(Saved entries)
···
(* The empty event is null: otherwise countably many copies would have infinite mass. *)
Lemma P_empty (Om : probability_space) : @ps_P Om (fun _ => False) = 0.
Proof.
set c := ps_P _.
have := P_sigma_additive (A := fun _ : nat => fun _ : Om => False)
  (fun _ => meas_empty Om) (fun _ _ _ _ f _ => f).
rewrite (P_ext (B := fun _ => False)); last by move=> w; split=> // -[].
rewrite -/c => sum_c.
have c_ge0 : 0 <= c by apply: P_nonneg; apply: meas_empty.
have partial N : sum_f_R0 (fun _ => c) N = INR N.+1 * c.
  elim: N => [|N IH]; first by rewrite /=; lra.
  rewrite [sum_f_R0 _ _]/= IH (S_INR N.+1); lra.
case: (Rle_lt_or_eq_dec _ _ c_ge0) => // c_gt0; exfalso.
have [N HN] := sum_c (c / 2) ltac:(lra).
have := HN N.+1 ltac:(lia); rewrite partial /R_dist !S_INR Rabs_right;
  have := pos_INR N; nra.
Qed.

(* Finite additivity, from sigma-additivity padded with empty events. *)
Lemma P_add (Om : probability_space) (A B : Om -> Prop) :
  ps_meas A -> ps_meas B -> (forall w, A w -> B w -> False) ->
  ps_P (fun w => A w \/ B w) = ps_P A + ps_P B.
Proof.
move=> mA mB AB.
pose S k : Om -> Prop := match k with 0%nat => A | 1%nat => B | _ => fun _ => False end.
have mS k : ps_meas (S k) by case: k => [|[|k]] //=; apply: meas_empty.
have dS k l : k <> l -> forall w, S k w -> S l w -> False.
  by case: k l => [|[|k]] [|[|l]] //= _ w; have := AB w; tauto.
rewrite (P_ext (B := fun w => exists k, S k w)); last first.
  by move=> w; split=> [[?|?]|[[|[|k]] //= ?]]; [exists 0%nat|exists 1%nat|left|right].
apply: (uniqueness_sum _ _ _ (P_sigma_additive mS dS)) => eps eps_gt0.
exists 1%nat => N N_ge1.
have -> : sum_f_R0 (fun k => ps_P (S k)) N = ps_P A + ps_P B.
  case: N N_ge1 => [|N] N_ge1; first lia.
  elim: N {N_ge1} => [|N IH] //=; rewrite /= in IH; rewrite IH P_empty; lra.
rewrite /R_dist Rminus_diag Rabs_R0; lra.
Qed.

Lemma P_mono (Om : probability_space) (A B : Om -> Prop) :
  ps_meas A -> ps_meas B -> (forall w, A w -> B w) -> ps_P A <= ps_P B.
Proof.
move=> mA mB AB; have mBA := meas_and mB (meas_compl mA).
rewrite (P_ext (A := B) (B := fun w => A w \/ (B w /\ ~ A w))); last first.
  by move=> w; split=> [?|[/AB|[]]] //; tauto.
rewrite P_add //; last tauto.
have := P_nonneg mBA; lra.
Qed.

Lemma P_sub (Om : probability_space) (A B : Om -> Prop) :
  ps_meas A -> ps_meas B -> ps_P (fun w => A w \/ B w) <= ps_P A + ps_P B.
Proof.
move=> mA mB; have mBA := meas_and mB (meas_compl mA).
rewrite (P_ext (B := fun w => A w \/ (B w /\ ~ A w))); last by move=> w; tauto.
rewrite P_add //; last tauto.
have : ps_P (fun w => B w /\ ~ A w) <= ps_P B by apply: P_mono => // w [].
lra.
Qed.

Lemma P_and_almost_sure (Om : probability_space) (Y N : Om -> Prop) :
  ps_meas Y -> ps_meas N -> ps_P (fun w => ~ N w) = 0 ->
  ps_P Y = ps_P (fun w => Y w /\ N w).
Proof.
move=> mY mN notN0; have mYnN := meas_and mY (meas_compl mN).
rewrite (P_ext (A := Y) (B := fun w => (Y w /\ N w) \/ (Y w /\ ~ N w))); last first.
  by move=> w; split=> [y|]; [case: (classic (N w)) | ]; tauto.
rewrite P_add //; [|exact: meas_and|tauto].
have : ps_P (fun w => Y w /\ ~ N w) <= ps_P (fun w => ~ N w).
  by apply: P_mono => //; [exact: meas_compl|tauto].
have := P_nonneg mYnN; lra.
Qed.

Lemma exists_in_cons (I : eqType) (a : I) (r : seq I) (Q : I -> Prop) :
  (exists2 k, k \in a :: r & Q k) <-> (Q a \/ exists2 k, k \in r & Q k).
Proof.
split=> [[k]|[Qa|[k k_r Qk]]].
- by rewrite in_cons => /orP[/eqP->|k_r] Qk; [left|right; exists k].
- by exists a; rewrite ?mem_head.
- by exists k; rewrite // in_cons k_r orbT.
Qed.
···
Lines from the first one above through the line containing "have := P_sigma_additive" are to be retyped exactly, both included, and nothing more.

__Reply to the exercise__
(* The empty event is null: otherwise countably many copies would have infinite mass. *)
Lemma P_empty (Om : probability_space) : @ps_P Om (fun _ => False) = 0.
Proof.
set c := ps_P _.
have := P_sigma_additive (A := fun _ : nat => fun _ : Om => False)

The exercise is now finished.